La journaliste affectée aux affaires économiques a beaucoup travaillé depuis le mois d’août, moment où le Groupe Capitales Médias s’est placé à l’abri de ses créanciers. Siégeant au comité provisoire, Mme Noël se réjouit d’avoir été élue par ses pairs. « C’est une marque de confiance. C’est un merci. C’était très harmonieux. Il y a eu beaucoup de candidatures, qui étaient toutes très belles. Plein de gens sont motivés à coopérer, on va utiliser les talents de chacun pour continuer à travailler ensemble et pour faire vivre cette Tribune », mentionne-t-elle, souhaitant voir son journal vivre pour 110 autres années. 

Quelles sont les priorités du CA? « On a parlé du dossier de la relocalisation qu’on va étudier dans les prochains jours, répond Mme Noël. C’est assez urgent, car le local qu’on occupe actuellement est cinq fois trop grand, considérant nos nouveaux besoins. L’entreprise ne fera plus d’impression elle-même. Le plan d’affaires sera urgent à monter pour présenter à tous les gens qui nous ont démontré de l’intérêt à nous prêter de l’argent sous condition de voir le plan d’affaires. Avec Noël qui arrive et le fait qu’on sera autonome au mois de janvier, ça va arriver très vite », reprend-elle, qualifiant la charge de travail qui s’en vient de « très motivante ». 

Jean Perrault

Jean Perrault avait sensiblement le même discours. « La décision reste à être prise, mais je ne pense pas que La Tribune soit sur la rue Roy, à moins qu’on ait une offre intéressante du propriétaire actuel. Je suis plus encouragé à aller sur la rue King ou Belvédère au centre-ville. C’est un vrai virage que le journal est en train de faire », dit-il, avouant être emballé. 

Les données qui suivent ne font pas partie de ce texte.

Lemma phi_sconvex k : (0 < k)%N -> sconvex (n%:R + sigma * Aseq k) (phi k).
Proof.
have ellc : sconvex sigma ell by exact: strongly_convex_sconvex.
have ell_lin_sconvex w : sconvex sigma (fun x => ((dotp (x - u) w)%:E + ell x)%E).
  apply: (@sconvexD _ _ _ 0 sigma); [by rewrite add0r| |exact: ellc].
  by apply: sconvex_affine => x y t; rewrite dotp_mixl.
elim: k => [//|[|k] IH _].
  apply: (@sconvexZ _ _ _ (1 + at1 Rp * sigma)); first by [].
    by rewrite /Aseq /= /a1 le_eqVlt; apply/orP; left; apply/eqP; ring.
  apply: (@sconvexD _ _ _ 1 (at1 Rp * sigma)); [by []|exact: sconvex_half_sqdist|].
  by apply: (@sconvexZ _ _ _ sigma); [exact: at1_ge0|by []|].
apply: (@sconvexD _ _ _ (n%:R + sigma * Aseq k.+1) (aseq k.+2 * sigma)).
- by rewrite AseqS // le_eqVlt; apply/orP; left; apply/eqP; ring.
- exact: IH.
- by apply: (@sconvexZ _ _ _ sigma); [exact: aseq_ge0|by []|].
Qed.

Lemma psiSS k y : psi k.+2 y = (psi k.+1 y + (aseq k.+2)%:E *
  ((- dotp (b (j k.+2)) (xbar n d Rp sigma xs k.+1) * (y ord0 (j k.+2) - v ord0 (j k.+2)))%:E
   + gs (j k.+2) (y ord0 (j k.+2))))%E.
Proof. by []. Qed.

Lemma phiSS k x : phi k.+2 x = (phi k.+1 x + (aseq k.+2)%:E *
  ((dotp (x - u) (zseq n d b ys j k.+1
                  + (ys k.+2 ord0 (j k.+2) - ys k.+1 ord0 (j k.+2)) *: b (j k.+2)))%:E
   + ell x))%E.
Proof. by []. Qed.

Lemma psi_v k : (0 < k)%N -> psi k v =
  (\sum_(2 <= i < k.+1) (aseq i)%:E * gs (j i) (v ord0 (j i))
   + (aseq 1)%:E * gstar n gs v + (n%:R / 2 * sqnorm (v - y0))%:E)%E.
Proof.
elim: k => [//|[|k] IH _].
  rewrite /= /psit1 /psi0 subrr dotp0r add0e big_geq // add0e muleDr //.
  by rewrite muleA -EFinM addeC mulrA.
rewrite psiSS IH // subrr mulr0 add0e (big_nat_recr k.+2) //=.
by rewrite addeAC; congr (_ + _)%E; rewrite addeAC.
Qed.

Lemma phi_u {e} : ell u = e%:E -> forall k, (0 < k)%N ->
  phi k u = (Aseq k * e + n%:R / 2 * sqnorm (u - x0))%:E.
Proof.
move=> ell_u; elim=> [//|[|k] IH _].
  rewrite /= /phit1 /phi0 subrr dotp0l ell_u -!EFinD -!EFinM.
  by congr EFin; rewrite /Aseq /= /a1; ring.
rewrite phiSS IH // subrr dotp0l ell_u -EFinD.
by congr EFin; rewrite (AseqS k.+1) //; ring.
Qed.

End VRPDA2Estimates.

Local Open Scope ereal_scope.

Theorem lemma4 (R : realType) (n d : nat) (b : 'I_n -> 'rV[R]_d) (Rp sigma : R)
  (gs : 'I_n -> R -> \bar R) (ell : 'rV[R]_d -> \bar R)
  (x0 : 'rV[R]_d) (y0 : 'rV[R]_n) (u : 'rV[R]_d) (v : 'rV[R]_n)
  (xs : nat -> 'rV[R]_d) (ys : nat -> 'rV[R]_n) (j : nat -> 'I_n) :
  (2 <= n)%N ->
  (0 < Rp)%R ->
  (forall i, enorm (b i) <= Rp)%R ->
  (forall i, proper_fun (gs i)) ->
  (forall i, lower_semicontinuous (gs i)) ->
  (forall i, convex_ext (gs i)) ->
  proper_fun ell ->
  lower_semicontinuous ell ->
  (0 <= sigma)%R ->
  strongly_convex sigma ell ->
  ell u < +oo ->
  gstar n gs v < +oo ->
  vrpda2_run n d b Rp sigma gs ell x0 y0 u v xs ys j ->
  forall k, (2 <= k)%N ->
    psi n d b Rp sigma gs x0 y0 v xs j k (ys k) <=
      \sum_(2 <= i < k.+1) (aseq n Rp sigma i)%:E * gs (j i) (v ord0 (j i))
      + (aseq n Rp sigma 1)%:E * gstar n gs v
      + (n%:R / 2 * sqnorm (v - y0))%:E
      - (n%:R / 2 * sqnorm (v - ys k))%:E
    /\
    phi n d b Rp sigma ell x0 u ys j k (xs k) <=
      (Aseq n Rp sigma k)%:E * ell u
      + (n%:R / 2 * sqnorm (u - x0))%:E
      - ((n%:R + sigma * Aseq n Rp sigma k) / 2 * sqnorm (u - xs k))%:E.
Proof.
(* Lower semicontinuity and the bound on the [b i] only serve the existence of
   the minimizers, which [vrpda2_run] takes as given. *)
move=> _ Rp_gt0 _ gs_proper _ gs_convex ell_proper _ sigma_ge0 ell_sc ell_u_lt _
  [_ _ _ _ run] k k_ge2.
have gs_nNy i s : gs i s != -oo by case: (gs_proper i).
have ell_nNy x : ell x != -oo by case: ell_proper.
have k_gt0 : (0 < k)%N by exact: ltnW.
have [ys_min xs_min] := run k k_ge2.
split.
  have := sconvex_argmin v (psi_sconvex Rp_gt0 gs_nNy gs_convex _ k_gt0) (ler0n _ _) ys_min.
  by rewrite psi_v // -leeBrDr.
have [e ell_u] : exists e, ell u = e%:E.
  by move: ell_u_lt (ell_nNy u); case: (ell u) => [e _ _|//|//]; exists e.
have c_ge0 : (0 <= n%:R + sigma * Aseq n Rp sigma k)%R.
  by rewrite addr_ge0 ?mulr_ge0 ?Aseq_ge0.
have := sconvex_argmin u (phi_sconvex Rp_gt0 ell_nNy ell_sc _ k_gt0) c_ge0 xs_min.
by rewrite (phi_u ell_u) // ell_u -leeBrDr.
Qed.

Il y a 20 ans, alors que Jean Perrault était maire de Sherbrooke, peu de gens auraient pu prédire que le politicien allait se retrouver aux commandes du CA du journal, lui qui a été critiqué à plusieurs reprises. 

« Quand vous êtes un élu, la critique, c’est normal, assure celui qui a laissé son poste de maire en 2009. Ça m’a renforcé, ça m’a amené à penser autrement. Avec les membres du conseil, on savait que La Tribune savait ce qu’on faisait. »

« Ce qui est important, c’est que les gens soient intéressés à protéger les valeurs intellectuelles du journalisme, exprime M. Perrault. [...] On ne peut pas se permettre de ne pas avoir de journal La Tribune en Estrie. »

Maurice Cloutier se rappelle qu’il y a quelques années à peine, les employés du journal « étaient là pour surveiller ses déclarations et pour réagir aux annonces et aux positions que M. Perrault prenait à l’époque ». 

« Aujourd’hui, maintenant qu’il est retraité, qu’il soit là pour nous faire bénéficier de son expérience et de son réseau de contacts pour la naissance de notre coopérative, c’est un atout pour toute l’équipe », assure le directeur général.  

Il reste cependant bien du pain sur la planche d’ici le 18 décembre, une autre date importante pour le quotidien. « Il faut renouveler l’ensemble des conventions collectives, il faut que l’assemblée des créanciers accepte le plan d’arrangements et que le juge prenne acte que toutes les conditions de la transaction ont été remplies par les nouveaux acquéreurs », résume M. Cloutier.